Но не только соревновательный дух привлекал меня в лёгкой атлетике. Хорошо помню, как однажды я и Володя Мельник устроили длинный забег по улицам нашего посёлка. Бежали, как пели песню – легко и непринуждённо. Успевали по дороге болтать, делились своими впечатлениями. Тёплый южный посёлок, тени тополей и карагачей, почти безлюдные аллеи и мы, бегущие в светлое будущее из юности мальчишки…

Спустя годы после этого я попал на учёбу в город Минск. Когда прошла первая серая зима и устоялся режим учёбы на курсах, появилось свободное время. Я полюбил Минск и с удовольствием знакомился с городом, причем часто делал это бегом, т.е. в пробежках. Брал у друга часы с секундомером, выбирал примерный маршрут и бежал. Опять чувство легкости, окрылённости, молодости, здоровья. И мне открывался красивый город, его просторные улицы, река Немига, маленькие речки и каналы, зелёные аллеи, скверы и парки. Таким солнечным Минск остался в моей памяти

В Минске же я пробежал свой единственный в жизни марафон, очень трудный для меня, и в то же время очень значимый.
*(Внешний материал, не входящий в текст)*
(* Let $A$ be as in the context, and assume that (i) no two con-edges for the same cluster belong to the same connected component of the conflict graph $K_A$; (ii) $A[\rho]$ is connected for every cluster $\rho$; (iii) no con-edge for a cluster $\rho$ is a bridge of $A[\rho]$; (iv) $K_A$ is bipartite; (v) $A$ contains no self-loop. Let $e$ be a con-edge of $A$ that crosses no other con-edge of $A$. Then there exists a planar set of spanning trees for $A$ if and only if there exists a planar set $S'$ of spanning trees for $A$ with $e\in S'$.
   Context: Let $C(G,T)$ be an embedded flat clustered graph: $G$ is a planar graph with a fixed planar embedding, $T$ a rooted tree whose leaves are the vertices of $G$ and whose non-root internal nodes (clusters) are all children of the root; a vertex belongs to the cluster that is its parent. For a face $f$ of $G$ let $B_f$ be the clockwise sequence of vertex occurrences on its boundary. A con-edge for a cluster $\alpha$ is a pair of occurrences on the boundary of one face $f$ of two distinct vertices of $\alpha$ lying in different connected components of $G[\alpha]$, drawn inside $f$; two con-edges in the same face cross (have a conflict) if their occurrences alternate along $B_f$. The multigraph of con-edges is obtained by inserting all con-edges into the faces, contracting each connected component of each $G[\alpha]$ into one vertex (belonging to $\alpha$), and deleting the edges of $G$. Throughout, $A$ denotes this multigraph or any multigraph obtained from it by a sequence of operations each of which removes some edges or contracts some edges that cross no other edge (contracting identifies the two end-vertices and deletes the edge). $A[\alpha]$ is the subgraph formed by the con-edges for $\alpha$. The conflict graph $K_A$ has one vertex per con-edge of $A$ and an edge between any two crossing con-edges. A planar set of spanning trees for $A$ is a set $S$ of edges of $A$ such that, for each cluster $\alpha$, the edges of $S$ for $\alpha$ form a tree spanning all vertices of $A$ belonging to $\alpha$, and no two edges of $S$ cross. *)

From mathcomp Require Import all_boot.
Set Implicit Arguments. Unset Strict Implicit. Unset Printing Implicit Defensive.

(* The multigraph of con-edges A (possibly after removals / contractions of
   uncrossed edges).  Vertices and con-edges form finite types; each vertex
   belongs to a cluster; each con-edge is for a cluster, has two end-vertices
   (a multigraph: parallel edges allowed, self-loops representable), and is
   drawn inside a face [cface x] of G joining the occurrences at positions
   [cpos1 x] and [cpos2 x] of the clockwise boundary sequence B_f. *)
Record conGraph := ConGraph {
  cluster : finType;
  cvertex : finType;
  cedge : finType;
  face : finType;
  vclus : cvertex -> cluster;
  eclus : cedge -> cluster;
  src : cedge -> cvertex;
  dst : cedge -> cvertex;
  cface : cedge -> face;
  cpos1 : cedge -> nat;
  cpos2 : cedge -> nat;
  src_clus : forall x, vclus (src x) = eclus x;
  dst_clus : forall x, vclus (dst x) = eclus x;
  (* every cluster is a non-root internal node, hence owns some vertex *)
  clus_nonempty : forall c, exists v, vclus v = c
}.

Definition alternate (a b c d : nat) : bool :=
  let lo := minn a b in let hi := maxn a b in
  ((lo < c < hi) && ((d < lo) || (hi < d))) ||
  ((lo < d < hi) && ((c < lo) || (hi < c))).

Section Defs.
Variable A : conGraph.

Definition cross : rel (cedge A) := fun x y =>
  (cface x == cface y) && alternate (cpos1 x) (cpos2 x) (cpos1 y) (cpos2 y).

Definition adj (T : {set cedge A}) : rel (cvertex A) := fun u v =>
  [exists x in T, ((src x == u) && (dst x == v)) || ((src x == v) && (dst x == u))].

Definition edges_of (c : cluster A) : {set cedge A} := [set x | eclus x == c].

Definition connected_on (c : cluster A) (T : {set cedge A}) : Prop :=
  forall u v, vclus u = c -> vclus v = c -> connect (adj T) u v.

Definition is_bridge (T : {set cedge A}) (x : cedge A) : Prop :=
  x \in T /\ ~~ connect (adj (T :\ x)) (src x) (dst x).

(* edge set T (all of whose edges are for c) is a tree spanning the
   vertices of cluster c: connected and acyclic (every edge a bridge) *)
Definition spanning_tree_of (c : cluster A) (T : {set cedge A}) : Prop :=
  connected_on c T /\ forall x, x \in T -> is_bridge T x.

Definition planar_spanning_trees (S : {set cedge A}) : Prop :=
  (forall c, spanning_tree_of c (S :&: edges_of c)) /\
  (forall x y, x \in S -> y \in S -> ~~ cross x y).

Definition hyp_i : Prop :=
  forall x y, x != y -> eclus x = eclus y -> ~~ connect cross x y.
Definition hyp_ii : Prop := forall c, connected_on c (edges_of c).
Definition hyp_iii : Prop :=
  forall x, ~ is_bridge (edges_of (eclus x)) x.
Definition hyp_iv : Prop :=
  exists col : cedge A -> bool, forall x y, cross x y -> col x != col y.
Definition hyp_v : Prop := forall x : cedge A, src x != dst x.

End Defs.

From mathcomp Require Import all_boot zify.
Set Implicit Arguments. Unset Strict Implicit. Unset Printing Implicit Defensive.

(* Only hypothesis (v) and the fact that e is uncrossed matter.  Take a planar
   set S of spanning trees and let T be its tree for the cluster of e.  As e is
   not a self-loop, some edge f of T separates the ends of e in T; exchanging f
   for e yields again a spanning tree, the other trees are untouched, and since
   e crosses nothing the new set stays planar. *)

Lemma alternate_sym a b c d : alternate a b c d = alternate c d a b.
Proof. by rewrite /alternate; apply/idP/idP; lia. Qed.

Section ConGraph.
Variable A : conGraph.
Implicit Types (U V T S : {set cedge A}) (x e f : cedge A).

Lemma cross_sym : symmetric (@cross A).
Proof. by move=> x y; rewrite /cross eq_sym alternate_sym. Qed.

Lemma adj_sym U : symmetric (adj U).
Proof.
move=> a b; apply/existsP/existsP => -[x /andP[xU ends]];
  by exists x; rewrite xU orbC.
Qed.

Lemma connect_adj_sym U : connect_sym (adj U).
Proof. exact/sym_connect_sym/adj_sym. Qed.

Lemma connect_adj_ends U x : x \in U -> connect (adj U) (src x) (dst x).
Proof. by move=> xU; apply/connect1/existsP; exists x; rewrite xU !eqxx. Qed.

Lemma connect_adjS U V : U \subset V -> subrel (connect (adj U)) (connect (adj V)).
Proof.
move=> sUV; apply: connect_sub => a b /existsP[x /andP[xU ends]].
by apply/connect1/existsP; exists x; rewrite (subsetP sUV).
Qed.

Lemma connect_adj0 a b : connect (adj (set0 : {set cedge A})) a b -> a = b.
Proof.
have cl : closed (adj (set0 : {set cedge A})) (pred1 a).
  by apply: (intro_closed (connect_adj_sym _)) => y z /existsP[x]; rewrite inE.
by move/(closed_connect cl); rewrite inE eqxx => /esym/eqP.
Qed.

Lemma connect_adjU1 U x a b : connect (adj (x |: U)) a b ->
  [|| connect (adj U) a b,
      connect (adj U) a (src x) && connect (adj U) (dst x) b |
      connect (adj U) a (dst x) && connect (adj U) (src x) b].
Proof.
pose reach := [pred b | [|| connect (adj U) a b,
   connect (adj U) a (src x) && connect (adj U) (dst x) b |
   connect (adj U) a (dst x) && connect (adj U) (src x) b]].
have cl : closed (adj (x |: U)) reach.
  apply: (intro_closed (connect_adj_sym _)).
  move=> y z /existsP[g /andP[/setU1P[-> | gU] ends]]; rewrite !inE.
    by case/orP: ends => /andP[/eqP<- /eqP<-];
      case/or3P=> [->|/andP[-> yz]|/andP[-> yz]]; rewrite ?connect0 ?orbT //;
      rewrite (connect_trans yz) // connect_adj_sym.
  have yz : connect (adj U) y z by apply/connect1/existsP; exists g; rewrite gU.
  by case/or3P=> [ay|/andP[-> xy]|/andP[-> xy]];
    rewrite ?(connect_trans ay yz) ?(connect_trans xy yz) ?orbT.
by move/(closed_connect cl); rewrite inE connect0 => /esym.
Qed.

Lemma connect_adjU1_ends U V x a b : U \subset V ->
  connect (adj (x |: U)) a b -> ~~ connect (adj U) a b ->
  connect (adj V) a b -> connect (adj V) (src x) (dst x).
Proof.
move=> sUV /connect_adjU1 /or3P[-> // | | ] /andP[ax xb] _ ab;
  have {}ax := connect_adjS sUV ax; have {}xb := connect_adjS sUV xb;
  rewrite connect_adj_sym in ax; rewrite connect_adj_sym in xb.
- exact: connect_trans ax (connect_trans ab xb).
- by rewrite connect_adj_sym; apply: connect_trans ax (connect_trans ab xb).
Qed.

Lemma connect_adjU1_id U x : connect (adj U) (src x) (dst x) ->
  connect (adj (x |: U)) =2 connect (adj U).
Proof.
move=> ends a b; apply/idP/idP; last exact/connect_adjS/subsetUr.
apply: connect_sub a b => a b /existsP[g /andP[/setU1P[-> | gU] ab]].
  by case/orP: ab => /andP[/eqP<- /eqP<-]; rewrite // connect_adj_sym.
by apply/connect1/existsP; exists g; rewrite gU.
Qed.

Lemma connect_adj_swap U e f :
  connect (adj (f |: U)) (src e) (dst e) -> ~~ connect (adj U) (src e) (dst e) ->
  connect (adj (e |: U)) (src f) (dst f).
Proof.
move=> fe eU; apply: connect_adjU1_ends fe eU _; first exact: subsetUr.
exact/connect_adj_ends/setU11.
Qed.

Lemma separating_edge T u v :
  (forall x, x \in T -> is_bridge T x) -> connect (adj T) u v -> u != v ->
  exists2 f, f \in T & ~~ connect (adj (T :\ f)) u v.
Proof.
move=> bridges uv neq_uv.
pose joins U := (U \subset T) && connect (adj U) u v.
have joinsT : joins T by rewrite /joins subxx uv.
have [U /andP[sUT Uuv] minU] := arg_minnP (fun U => #|U|) joinsT.
have [U0 | [f fU]] := set_0Vmem U.
  by move: Uuv neq_uv; rewrite U0 => /connect_adj0 ->; rewrite eqxx.
have fT := subsetP sUT f fU.
have sUfTf : U :\ f \subset T :\ f by apply: setSD.
have Uf_uv : ~~ connect (adj (U :\ f)) u v.
  apply/negP => Uf_uv; have /minU : joins (U :\ f).
    by rewrite /joins Uf_uv (subset_trans (subD1set U f) sUT).
  by rewrite (cardsD1 f U) fU ltnn.
exists f => //; apply/negP => Tf_uv; case: (bridges f fT) => _ /negP; apply.
by apply: (connect_adjU1_ends sUfTf _ Uf_uv Tf_uv); rewrite setD1K.
Qed.

Lemma spanning_tree_exchange c T e f :
  spanning_tree_of c T -> f \in T ->
  connect (adj T) (src e) (dst e) -> ~~ connect (adj (T :\ f)) (src e) (dst e) ->
  spanning_tree_of c (e |: (T :\ f)).
Proof.
move=> [Tcon bridges] fT Te Tf_e.
have defT : f |: (T :\ f) = T by rewrite setD1K.
have swap_id : connect (adj (f |: (e |: (T :\ f)))) =2 connect (adj (e |: (T :\ f))).
  by apply/connect_adjU1_id/(connect_adj_swap _ Tf_e); rewrite defT.
split=> [u v uc vc | g /setU1P[-> | gTf]].
- rewrite -swap_id; apply: connect_adjS (Tcon u v uc vc).
  by rewrite -{1}defT setUS ?subsetUr.
- split; first exact: setU11.
  apply: contra Tf_e; apply: connect_adjS.
  by rewrite setDUl setDv set0U subD1set.
have [_ gT] := setD1P gTf.
split; first by rewrite setU1r.
have Vg : ~~ connect (adj ((T :\ f) :\ g)) (src g) (dst g).
  by apply: contra (bridges g gT).2; apply/connect_adjS/setSD/subD1set.
have sub : (e |: (T :\ f)) :\ g \subset e |: ((T :\ f) :\ g).
  by rewrite setDUl setSU ?subD1set.
apply/negP => /(connect_adjS sub)/connect_adj_swap/(_ Vg).
by rewrite setD1K //; apply/negP.
Qed.

Lemma edges_of_exchange S e f d : eclus f = eclus e ->
  (e |: (S :\ f)) :&: edges_of d =
  if d == eclus e then e |: ((S :&: edges_of d) :\ f) else S :&: edges_of d.
Proof.
move=> fe; apply/setP => z; case: ifP => [/eqP -> | de]; rewrite !inE.
  by case: (z =P e) => [-> | _]; rewrite ?eqxx ?andbA.
have ed : (eclus e == d) = false by rewrite eq_sym.
case: (z =P e) => [-> | _] /=; first by rewrite ed andbF.
by case: (z =P f) => [-> | _]; rewrite ?fe ?ed ?andbF.
Qed.

Lemma uncrossed_setU1 S e : (forall y, ~~ cross e y) ->
  {in S &, forall x y, ~~ cross x y} -> {in e |: S &, forall x y, ~~ cross x y}.
Proof.
move=> e_free planar x y /setU1P[-> | xS] /setU1P[-> | yS]; rewrite ?e_free //.
  by rewrite cross_sym e_free.
exact: planar.
Qed.

End ConGraph.

Theorem lemma8 (A : conGraph) (e : cedge A) :
  hyp_i A -> hyp_ii A -> hyp_iii A -> hyp_iv A -> hyp_v A ->
  (forall y, ~~ cross e y) ->
  ((exists S : {set cedge A}, planar_spanning_trees S) <->
   (exists S' : {set cedge A}, planar_spanning_trees S' /\ e \in S')).
Proof.
move=> _ _ _ _ no_loop e_free.
split=> [[S [trees planar]] | [S [planarS _]]]; last by exists S.
have [Tcon Tbridges] := trees (eclus e).
have Te : connect (adj (S :&: edges_of (eclus e))) (src e) (dst e).
  by apply: Tcon; rewrite ?src_clus ?dst_clus.
have [f fT Tf_e] := separating_edge Tbridges Te (no_loop e).
have [_ /[!inE] /eqP fe] := setIP fT.
exists (e |: (S :\ f)); split; last exact: setU11.
split=> [d | ]; last first.
  apply: uncrossed_setU1 => // x y /setD1P[_ xS] /setD1P[_ yS]; exact: planar.
rewrite edges_of_exchange //; case: eqP => [-> | _]; last exact: trees.
exact: spanning_tree_exchange.
Qed.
Немало других светлых страниц детства и юности связаны с окрыляющим тело бегом. Классе в 8-м мне была симпатична девочка по имени Галя. От школы она жила чуть дальше меня и шла на занятия мимо моего дома. Хорошо запомнил: под балконом кипящая пена цветущей вишни. Я стою на балконе и с нетерпением жду, когда Галя с подругами пройдёт мимо меня в школу. Вижу их издалека, провожаю взглядом и вдруг ловлю её взгляд, быстрый и такой дорогой.

Той же весной, когда в полях зацвели желтые тюльпаны, я вставал пораньше, почти с рассветом. Тихо одевался и выходил на безлюдные ещё улицы. Я легко брал старт и бежал по ул.Комсомольской (сейчас это ул.Шпака) за поселок на поля. Что за чудо! Зной и солнце еще не успевали высушить траву, и она покрывала поля зелёным изумрудным ковром с россыпью росинок-алмазов. Холмы, луга, поля взошедшей пшеницы – всё это создавало вместе с голубым небом и солнечным светом неповторимую игру степных красок весны. В прозрачной небесной глубине живут и поют жаворонки, их песни дарят покой и умиротворение душе. Тюльпаны растут на склонах холмов и логов (углубления возле курганов, откуда для них брали грунт), там, где земля не тронута пашней. Среди всеобщей зелени тюльпаны горят желтыми фонариками. У них упругий стебель и сочные листья. Я собираю букет крупных, самых красивых цветов и бегу обратно. Посёлок уже просыпается, люди и машины торопятся на работу, кто-то выгоняет коров. Я бегу по улице, полный сил и здоровья, и несу в руке свежий букет тюльпанов. При этом никогда не встречал негативного к себе отношения, его и не было в нашем детстве. Улыбки прохожих, наверняка встречались, но я не обращал на них внимание, или просто не помню их. Букет в руках, теперь надо его незаметно положить на крыльцо Гале. Я тихо иду по её переулку, стараюсь быть незаметным. Крадучись, открываю её калитку, (хорошо, что у них не было собаки) и с замиранием сердца пробираюсь к крыльцу. Кладу на перила букет, затем так же тихо ухожу и жду теперь уже на соседней улице, откуда видно крыльцо. Если повезет, то я вижу, как на крыльцо выходит Галина мама и берет в руки букет, а затем оглядывается вокруг. Она заносит букет в дом и, наверное, будит Галю словами вроде: «Вставай. Тебе кавалер опять цветы принес. Кто он, хотя бы знаешь?» А я, с чувством исполненного долга, возвращаюсь домой. Уже будучи взрослым, я однажды спросил Галю, знала ли она, кто приносил ей цветы. Конечно знала – ответила она – это из самых ярких картинок её детства, и сейчас, спустя много лет, она с благодарностью помнит букеты тюльпанов, которые я приносил ей по утрам.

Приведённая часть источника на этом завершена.